(Stored data entries)
┄┄┄┄┄┄

Let small_goods_same_owner (t : 'I_K.+2) : (t < K)%N -> run alg p v2 t = owner1 t.
Proof.
move=> tK; apply: run_prefix_eq => u ut.
by rewrite !profile_lt //; apply: leq_ltn_trans ut tK.
Qed.

Hypothesis EFX1 : aEFX v1 a A1.

Let shared_big_good_lb (j : 'I_n) (b g : 'I_K.+2) :
  (K <= b)%N -> b \in A1 j -> g \in A1 j -> g != b ->
  forall i, a * beta <= vset v1 (A1 i).
Proof.
move=> Kb bj gj gb i; apply: aEFX_le_vset EFX1 (ltW a_gt0) _.
apply: le_trans _ (vset_setD1_le_sbar _ gj); rewrite -[X in X <= _](profile_ge s beta Kb).
by apply: (mem_le_vset v1_ge0); rewrite in_setD1 eq_sym gb.
Qed.

Lemma big_good_alone (j : 'I_n) (b g : 'I_K.+2) :
  (K <= b)%N -> b \in A1 j -> g \in A1 j -> g = b.
Proof.
move=> Kb bj gj; apply/eqP/negPn/negP => gb.
have total_ge := sum_ge_compl (fun i _ => shared_big_good_lb Kb bj gj gb i).
have gap : 0 < (a * beta - 2 * s) * (n%:R - 2).
  by rewrite mulr_gt0 // subr_gt0 //; move: n_ge3R; lra.
have [b' Kb' b'b] := exists_big_neq b.
have b'A : b' \in A1 (owner1 b') by rewrite mem_bundles.
have v1b : v1 b = beta by rewrite profile_ge.
have v1b' : v1 b' = beta by rewrite profile_ge.
case: (eqVneq (owner1 b') j) => [b'j | jb'].
  have := total_ge [set j]; rewrite big_set1 cards1 card_ord total_v1.
  have b'A' : b' \in A1 j by rewrite -b'j.
  have := pair_le_vset v1_ge0 b'b b'A' bj; rewrite v1b v1b'.
  by move: s_gt0 s_lt_beta total_n gap; lra.
have gb' : g != b'.
  by apply: contra_neq jb' => gE; move: gj; rewrite mem_bundles gE => /eqP.
have := total_ge [set owner1 b'; j].
rewrite big_setU1 ?big_set1 ?cards2 ?inE // jb' card_ord total_v1 /=.
have := mem_le_vset v1_ge0 b'A; have := pair_le_vset v1_ge0 gb gj bj.
have := v1_ge_s g; rewrite v1b v1b'.
by move: total_n gap; lra.
Qed.

Lemma bundle_big_good (b : 'I_K.+2) : (K <= b)%N -> A1 (owner1 b) = [set b].
Proof.
move=> Kb; apply/setP => g; rewrite in_set1; apply/idP/eqP => [gA | ->].
  by apply: big_good_alone Kb _ gA; rewrite mem_bundles.
by rewrite mem_bundles.
Qed.

Lemma owner_big_goods (t : 'I_K.+2) : (owner1 t \in big_owners) = (K <= t)%N.
Proof.
have [tK|Kt] := ltnP t K; last first.
  by case: (ord_split3 t) => [|->|->]; rewrite ?inE ?eqxx ?orbT // ltnNge Kt.
have apart (b : 'I_K.+2) : (K <= b)%N -> owner1 t == owner1 b = false.
  move=> Kb; apply/negbTE/eqP => tb; have : t \in A1 (owner1 b) by rewrite mem_bundles tb.
  by rewrite bundle_big_good // inE => /eqP tE; move: tK; rewrite tE ltnNge Kb.
by rewrite !inE !apart /= ?leqnSn.
Qed.

Lemma owners_distinct : owner1 ord_penult != owner1 ord_max.
Proof.
apply/eqP => owner_eq.
have : (ord_max : 'I_K.+2) \in A1 (owner1 ord_penult) by rewrite mem_bundles owner_eq.
by rewrite bundle_big_good // inE eq_sym (negbTE (ord_penult_neq_max K)).
Qed.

┄┄┄┄┄┄

[WHAT THE TASK REQUIRES] Would you set down, word for word, the lines from the opening of the entries above through the line with "have [b' Kb' b'b] := exists_big_neq b.", both included, and no others?

[SOLUTION FOR THIS PROBLEM]
Let small_goods_same_owner (t : 'I_K.+2) : (t < K)%N -> run alg p v2 t = owner1 t.
Proof.
move=> tK; apply: run_prefix_eq => u ut.
by rewrite !profile_lt //; apply: leq_ltn_trans ut tK.
Qed.

Hypothesis EFX1 : aEFX v1 a A1.

Let shared_big_good_lb (j : 'I_n) (b g : 'I_K.+2) :
  (K <= b)%N -> b \in A1 j -> g \in A1 j -> g != b ->
  forall i, a * beta <= vset v1 (A1 i).
Proof.
move=> Kb bj gj gb i; apply: aEFX_le_vset EFX1 (ltW a_gt0) _.
apply: le_trans _ (vset_setD1_le_sbar _ gj); rewrite -[X in X <= _](profile_ge s beta Kb).
by apply: (mem_le_vset v1_ge0); rewrite in_setD1 eq_sym gb.
Qed.

Lemma big_good_alone (j : 'I_n) (b g : 'I_K.+2) :
  (K <= b)%N -> b \in A1 j -> g \in A1 j -> g = b.
Proof.
move=> Kb bj gj; apply/eqP/negPn/negP => gb.
have total_ge := sum_ge_compl (fun i _ => shared_big_good_lb Kb bj gj gb i).
have gap : 0 < (a * beta - 2 * s) * (n%:R - 2).
  by rewrite mulr_gt0 // subr_gt0 //; move: n_ge3R; lra.
have [b' Kb' b'b] := exists_big_neq b.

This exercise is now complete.